(* Let $X,Y$ be compact metric spaces and let $\mathcal G\subset\mathrm{Homeo}(X)$, $\mathcal H\subset\mathrm{Homeo}(Y)$ be finitely generated pseudogroups strongly isomorphic via a homeomorphism $\varphi:X\to Y$; let $\mathcal G_1$ be a finite generating set of $\mathcal G$ and $\mathcal H_1=\{\varphi\circ g\circ\varphi^{-1}:g\in\mathcal G_1\}$. If a Borel probability measure $\mu$ on $X$ is $(\mathcal G,\mathcal G_1)$-expansive with some constant $\eta>0$, then there exists $\delta>0$ such that $\varphi_*\mu$ is $(\mathcal H,\mathcal H_1)$-expansive with constant $\delta$.
   Context: $\mathrm{Homeo}(X)$: homeomorphisms $g:D_g\to R_g$ between open subsets of $X$, composed on natural domains $D_{h\circ g}=g^{-1}(D_h)$. A pseudogroup is a subset of $\mathrm{Homeo}(X)$ containing $\mathrm{id}_X$, closed under composition, inversion, restriction to open subsets, and gluing along open covers of the domain; $\Gamma$ generates $\mathcal G$ if $\bigcup_{g\in\Gamma}(D_g\cup R_g)=X$ and $\mathcal G$ is exactly the set of $g\in\mathrm{Homeo}(X)$ locally equal near each point of $D_g$ to a finite composition of elements of $\Gamma$ and their inverses. $\mathcal G,\mathcal H$ are strongly isomorphic via $\varphi$ if for every $f\in\mathrm{Homeo}(X)$: $\varphi\circ f\circ\varphi^{-1}\in\mathcal H$ iff $f\in\mathcal G$. For a pseudogroup with finite generating set $\Gamma$: $\Gamma_n=\{g_1\circ\cdots\circ g_n:g_i\in\Gamma\}$, $\Gamma_n^x=\{g\in\Gamma_n:x\in D_g\}$, $\Phi_\delta(x)=\{y: d(g(x),g(y))\le\delta\ \forall n\in\mathbb N,\ \forall g\in\Gamma_n^x\cap\Gamma_n^y\}$. A Borel probability measure $\mu$ is expansive with constant $\delta$ for $(\mathcal G,\Gamma)$ if $\mu(\Phi_\delta(x))=0$ for every point $x$. $\varphi_*\mu=\mu\circ\varphi^{-1}$. *)

From HB Require Import structures.
From mathcomp Require Import all_boot all_order all_algebra.
From mathcomp Require Import all_classical all_reals all_analysis.
From Stdlib Require List.
Set Implicit Arguments. Unset Strict Implicit. Unset Printing Implicit Defensive.
Import Order.TTheory GRing.Theory Num.Theory.
Local Open Scope classical_set_scope.
Local Open Scope ring_scope.

Definition borel (T : ptopologicalType) := g_sigma_algebraType (@open T).

(* metric spaces with a distinguished point (needed to build the Borel
   measurable type; harmless since a probability measure forces X <> set0) *)
#[short(type="pmetricType")]
HB.structure Definition PointedMetric (K : numDomainType) :=
  { M of Metric K M & Pointed M }.

(* An element of Homeo(X): homeomorphism fn : dom -> ran between open sets,
   with inverse inv.  Values of fn outside dom (and inv outside ran) are
   irrelevant: every notion below only looks at them on dom (resp. ran). *)
Record phomeo (X : topologicalType) := PHomeo {
  dom : set X ;
  ran : set X ;
  fn : X -> X ;
  inv : X -> X ;
  dom_open : open dom ;
  ran_open : open ran ;
  fn_maps : forall x, dom x -> ran (fn x) ;
  inv_maps : forall y, ran y -> dom (inv y) ;
  inv_fn : forall x, dom x -> inv (fn x) = x ;
  fn_inv : forall y, ran y -> fn (inv y) = y ;
  fn_cont : {within dom, continuous fn} ;
  inv_cont : {within ran, continuous inv}
}.

Section PG.
Variable X : topologicalType.
Implicit Types (g h k : phomeo X) (G : phomeo X -> Prop).

Definition is_id k := (forall x, dom k x) /\ (forall x, fn k x = x).
Definition is_comp h g k :=
  (forall x, dom k x <-> (dom g x /\ dom h (fn g x))) /\
  (forall x, dom k x -> fn k x = fn h (fn g x)).
Definition is_inv g k :=
  (forall x, dom k x <-> ran g x) /\ (forall x, dom k x -> fn k x = inv g x).
Definition is_restr g k :=
  (forall x, dom k x -> dom g x) /\ (forall x, dom k x -> fn k x = fn g x).

Definition pseudogroup G :=
  (forall k, is_id k -> G k) /\
  (forall g h k, G g -> G h -> is_comp h g k -> G k) /\
  (forall g k, G g -> is_inv g k -> G k) /\
  (forall g k, G g -> is_restr g k -> G k) /\
  (forall k, (forall x, dom k x -> exists k', G k' /\ is_restr k k' /\ dom k' x)
     -> G k).

(* words in the generators and their inverses: (g, true) stands for g,
   (g, false) for g^-1; the word [a1; ...; an] denotes a1 o ... o an
   on its natural domain. *)
Definition letter_dom (a : phomeo X * bool) := if a.2 then dom a.1 else ran a.1.
Definition letter_fn (a : phomeo X * bool) := if a.2 then fn a.1 else inv a.1.

Fixpoint wfn (w : seq (phomeo X * bool)) : X -> X :=
  match w with
  | [::] => id
  | a :: w' => fun x => letter_fn a (wfn w' x)
  end.
Fixpoint wdom (w : seq (phomeo X * bool)) : set X :=
  match w with
  | [::] => setT
  | a :: w' => fun x => wdom w' x /\ letter_dom a (wfn w' x)
  end.

Definition generates G (Gam : seq (phomeo X)) :=
  (forall x, exists2 g, List.In g Gam & (dom g x \/ ran g x)) /\
  (forall g, G g <->
     forall x, dom g x ->
       exists w : seq (phomeo X * bool),
         List.Forall (fun a => List.In a.1 Gam) w /\
         exists U : set X, open U /\ U x /\ U `<=` dom g /\ U `<=` wdom w /\
           forall y, U y -> fn g y = wfn w y).

Definition finitely_generated G := exists Gam, generates G Gam.

Definition pos_word (w : seq (phomeo X)) := [seq (g, true) | g <- w].
Definition Gamma_n (Gam : seq (phomeo X)) (n : nat) (w : seq (phomeo X)) :=
  size w = n /\ List.Forall (fun g => List.In g Gam) w.
End PG.

Section Conj.
Variables (X Y : topologicalType) (phi : X -> Y) (psi : Y -> X).
(* h = phi o f o phi^-1  (psi is the inverse of phi) *)
Definition is_conj (f : phomeo X) (h : phomeo Y) :=
  (forall y, dom h y <-> dom f (psi y)) /\
  (forall y, dom h y -> fn h y = phi (fn f (psi y))).

Definition strongly_isomorphic (G : phomeo X -> Prop) (H : phomeo Y -> Prop) :=
  forall f h, is_conj f h -> (H h <-> G f).
End Conj.

Section Exp.
Variables (R : realType) (X : metricType R).

Definition Phi (Gam : seq (phomeo X)) (delta : R) (x : X) : set X :=
  [set y | forall (n : nat) (w : seq (phomeo X)), Gamma_n Gam n w ->
     wdom (pos_word w) x -> wdom (pos_word w) y ->
     mdist (wfn (pos_word w) x) (wfn (pos_word w) y) <= delta].

(* expansive with constant delta for (G, Gam); depends only on Gam *)
Definition expansive (Gam : seq (phomeo X)) (mu : set X -> \bar R) (delta : R) :=
  forall x, mu (Phi Gam delta x) = 0%E.
End Exp.

From HB Require Import structures.
From mathcomp Require Import all_boot all_order all_algebra.
From mathcomp Require Import all_classical all_reals all_analysis.
From mathcomp Require Import lra.
From Stdlib Require List.
Set Implicit Arguments. Unset Strict Implicit. Unset Printing Implicit Defensive.
Import Order.TTheory GRing.Theory Num.Theory.
Local Open Scope classical_set_scope.
Local Open Scope ring_scope.

(* By compactness, phi^-1 is uniformly continuous: some delta > 0 satisfies
   d(y, y') <= delta -> d(phi^-1 y, phi^-1 y') <= eta.  The words of length n
   in H1 are exactly the phi-conjugates of the words of length n in G1, so
   phi^-1 maps Phi_delta(y) into Phi_eta(phi^-1 y).  The sets Phi are closed,
   hence Borel, and phi_* mu (Phi_delta(y)) <= mu (Phi_eta(phi^-1 y)) = 0. *)

Section Topology.
Variables T U : topologicalType.

Lemma open_setI_preimage (D : set T) (f : T -> U) (B : set U) :
  open D -> {in D, continuous f} -> open B -> open (D `&` f @^-1` B).
Proof.
rewrite !openE => oD fc oB x [Dx Bfx].
apply: filterI; first exact: oD.
by apply: fc; [rewrite inE | exact: oB].
Qed.

Lemma closed_implies_preimage (D : set T) (f : T -> U) (C : set U) :
  open D -> {in D, continuous f} -> closed C -> closed [set y | D y -> C (f y)].
Proof.
move=> oD fc cC; rewrite -openC.
have -> : ~` [set y | D y -> C (f y)] = D `&` f @^-1` (~` C).
  by apply/seteqP; split => y /= => [/not_implyP | [Dy nCy]] // /(_ Dy).
by apply: open_setI_preimage; rewrite ?openC.
Qed.

End Topology.

Lemma closed_borel_measurable (T : ptopologicalType) (A : set T) :
  closed A -> measurable (A : set (borel T)).
Proof.
move=> cA; rewrite -[A]setCK; apply: measurableC; apply: sub_sigma_algebra.
by rewrite /= openC.
Qed.

Section Metric.
Variable R : realType.

Lemma closed_mdist_le (X : metricType R) (a : X) (r : R) :
  closed [set b | mdist a b <= r].
Proof.
rewrite -openC openE => z /= /negP; rewrite -ltNge => rz.
have e_gt0 : 0 < mdist a z - r by rewrite subr_gt0.
apply: filterS (nbhsx_ballx z _ e_gt0) => y; rewrite ballEmdist /= => zy ay.
have := metric_triangle a y z; rewrite metric_sym in zy; lra.
Qed.

Lemma compact_unif_continuous_mdist (Y X : metricType R) (f : Y -> X) :
  compact [set: Y] -> continuous f -> forall e, 0 < e ->
  exists2 d, 0 < d & forall u v, mdist u v <= d -> mdist (f u) (f v) <= e.
Proof.
move=> /compact_near_coveringP cY fc e e_gt0.
have near0 : \forall d \near (0 : R)^'+, [set: Y] `<=`
    [set u | forall v, mdist u v <= d -> mdist (f u) (f v) <= e].
  apply: cY => u _.
  have e2_gt0 : 0 < e / 2 by rewrite divr_gt0.
  have [r r_gt0 fr] := (metricType_numDomainType.nbhs_mdistP _ _).1
    (metricType_numDomainType.cvgr_dist_lt (fc u) e2_gt0).
  have r2_gt0 : 0 < r / 2 by rewrite divr_gt0.
  exists ([set t | mdist u t < r / 2], [set d | d < r / 2]).
    split; last exact: nbhs_right_lt.
    by have := nbhsx_ballx u _ r2_gt0; rewrite ballEmdist.
  move=> [u' d] /= [uu' dr] v u'v.
  have fuu' : mdist (f u) (f u') < e / 2 by apply: fr => /=; lra.
  have fuv : mdist (f u) (f v) < e / 2.
    by apply: fr => /=; have := metric_triangle u u' v; lra.
  have := metric_triangle (f u') (f u) (f v); rewrite metric_sym in fuu'; lra.
have [d [fd d_gt0]] := filter_ex (filterI near0 (nbhs_right_gt 0)).
by exists d => // u v; apply: fd.
Qed.

End Metric.

Lemma Forall2_In_l (A B : Type) (Rl : A -> B -> Prop) (s : seq A) (t : seq B) a :
  List.Forall2 Rl s t -> List.In a s -> exists2 b, List.In b t & Rl a b.
Proof.
elim => [|a' b' s' t' ab' _ IH] //= [<- | /IH [b bt ab]].
  by exists b' => //; left.
by exists b => //; right.
Qed.

Section Words.
Variable X : topologicalType.
Implicit Types w : seq (phomeo X).

Lemma continuous_wfn_pos_word w :
  {in wdom (pos_word w), continuous (wfn (pos_word w))}.
Proof.
elim: w => [|g w IH] z /=; first by move=> _; exact: cvg_id.
rewrite inE => -[wz gz].
apply: (@continuous_comp _ _ _ (wfn (pos_word w)) (fn g)).
  by apply: IH; rewrite inE.
have := @fn_cont _ g; rewrite continuous_open_subspace; last exact: dom_open.
by apply; rewrite inE.
Qed.

Lemma open_wdom_pos_word w : open (wdom (pos_word w)).
Proof.
elim: w => [|g w IH] /=; first exact: openT.
exact: open_setI_preimage IH (@continuous_wfn_pos_word w) (dom_open g).
Qed.

Lemma Gamma_n_Forall2 (Y : topologicalType) (Rl : phomeo X -> phomeo Y -> Prop)
    (Gam : seq (phomeo X)) (Gam' : seq (phomeo Y)) n w :
  List.Forall2 Rl Gam Gam' -> Gamma_n Gam n w ->
  exists2 w', Gamma_n Gam' n w' & List.Forall2 Rl w w'.
Proof.
move=> GG' [<-]; elim=> [|g {}w gG _ [w' [sw' w'G'] ww']] /=.
  by exists [::]; [split | constructor].
have [h hG' gh] := Forall2_In_l GG' gG.
by exists (h :: w'); [split; [rewrite /= sw' | constructor] | constructor].
Qed.

End Words.

Lemma closed_Phi (R : realType) (X : metricType R) (Gam : seq (phomeo X))
    (delta : R) (x : X) :
  closed (Phi Gam delta x).
Proof.
have -> : Phi Gam delta x =
    \bigcap_(nw in [set nw | Gamma_n Gam nw.1 nw.2 /\ wdom (pos_word nw.2) x])
      [set y | wdom (pos_word nw.2) y ->
        mdist (wfn (pos_word nw.2) x) (wfn (pos_word nw.2) y) <= delta].
  apply/seteqP; split => y /= => [Py [n w] /= [Gw wx] | Py n w Gw wx].
    exact: Py Gw wx.
  exact: (Py (n, w)).
apply: closed_bigI => -[n w] _ /=.
exact (closed_implies_preimage (open_wdom_pos_word w)
  (@continuous_wfn_pos_word _ w) (@closed_mdist_le _ _ _ _)).
Qed.

Lemma pos_word_conj (X Y : topologicalType) (phi : X -> Y) (psi : Y -> X)
    (psiK : cancel phi psi) (phiK : cancel psi phi)
    (w : seq (phomeo X)) (w' : seq (phomeo Y)) :
  List.Forall2 (is_conj phi psi) w w' -> forall y,
  (wdom (pos_word w') y <-> wdom (pos_word w) (psi y)) /\
  (wdom (pos_word w') y -> wfn (pos_word w') y = phi (wfn (pos_word w) (psi y))).
Proof.
elim => [|g h v v' [domh fnh] _ IH] y /=; first by split => // _; rewrite phiK.
have [domw' fnw'] := IH y.
rewrite /letter_dom /letter_fn /=; split; last first.
  by move=> [w'y hy]; rewrite fnh // fnw' // psiK.
split=> [[w'y hy] | [wy gy]].
  split; first exact/domw'.
  by move: hy; rewrite fnw' // => /domh; rewrite psiK.
have w'y : wdom (pos_word v') y by exact/domw'.
by split=> //; apply/domh; rewrite fnw' // psiK.
Qed.

Lemma preimage_Phi_conj (R : realType) (X Y : metricType R)
    (phi : X -> Y) (psi : Y -> X) (psiK : cancel phi psi) (phiK : cancel psi phi)
    (G1 : seq (phomeo X)) (H1 : seq (phomeo Y)) (delta eta : R) (y : Y) :
  List.Forall2 (is_conj phi psi) G1 H1 ->
  (forall u v, mdist u v <= delta -> mdist (psi u) (psi v) <= eta) ->
  phi @^-1` Phi H1 delta y `<=` Phi G1 eta (psi y).
Proof.
move=> G1H1 psi_unif x Px n w Gw wy wx.
have [w' Hw' ww'] := Gamma_n_Forall2 G1H1 Gw.
have conj := pos_word_conj psiK phiK ww'.
have w'y : wdom (pos_word w') y by apply/(conj y).1.
have w'x : wdom (pos_word w') (phi x) by apply/(conj (phi x)).1; rewrite psiK.
move: (Px n w' Hw' w'y w'x); rewrite (conj y).2 // (conj (phi x)).2 // psiK.
by move=> /psi_unif; rewrite !psiK.
Qed.

Theorem mainTheorem13 (R : realType) (X Y : pmetricType R)
  (hX : compact [set: X]) (hY : compact [set: Y])
  (phi : X -> Y) (psi : Y -> X)
  (phi_cont : continuous phi) (psi_cont : continuous psi)
  (psiK : cancel phi psi) (phiK : cancel psi phi)
  (G : phomeo X -> Prop) (H : phomeo Y -> Prop)
  (pgG : pseudogroup G) (pgH : pseudogroup H)
  (fgG : finitely_generated G) (fgH : finitely_generated H)
  (iso : strongly_isomorphic phi psi G H)
  (G1 : seq (phomeo X)) (genG1 : generates G G1)
  (H1 : seq (phomeo Y)) (defH1 : List.Forall2 (is_conj phi psi) G1 H1)
  (mu : probability (borel X) R) (eta : R) (eta_gt0 : 0 < eta)
  (mu_exp : expansive G1 mu eta) :
  exists2 delta : R, 0 < delta &
    expansive H1 (pushforward mu (phi : borel X -> borel Y)) delta.
Proof.
have [delta delta_gt0 psi_unif] :=
  compact_unif_continuous_mdist hY psi_cont eta_gt0.
exists delta => // y; rewrite /pushforward.
have mPre : measurable (phi @^-1` Phi H1 delta y : set (borel X)).
  apply: closed_borel_measurable.
  by apply: (continuous_closedP _).1 phi_cont _ _; exact: closed_Phi.
have mPhi : measurable (Phi G1 eta (psi y) : set (borel X)).
  by apply: closed_borel_measurable; exact: closed_Phi.
apply/eqP; rewrite -measure_le0 -(mu_exp (psi y)).
exact: (le_measure mu (mem_set mPre) (mem_set mPhi))
  (preimage_Phi_conj psiK phiK defH1 psi_unif).
Qed.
+-------+
Check each line of the data above, and please copy the ones in which the string "Implicit" occurs.

Set Implicit Arguments. Unset Strict Implicit. Unset Printing Implicit Defensive.
Implicit Types (g h k : phomeo X) (G : phomeo X -> Prop).
Set Implicit Arguments. Unset Strict Implicit. Unset Printing Implicit Defensive.
Implicit Types w : seq (phomeo X).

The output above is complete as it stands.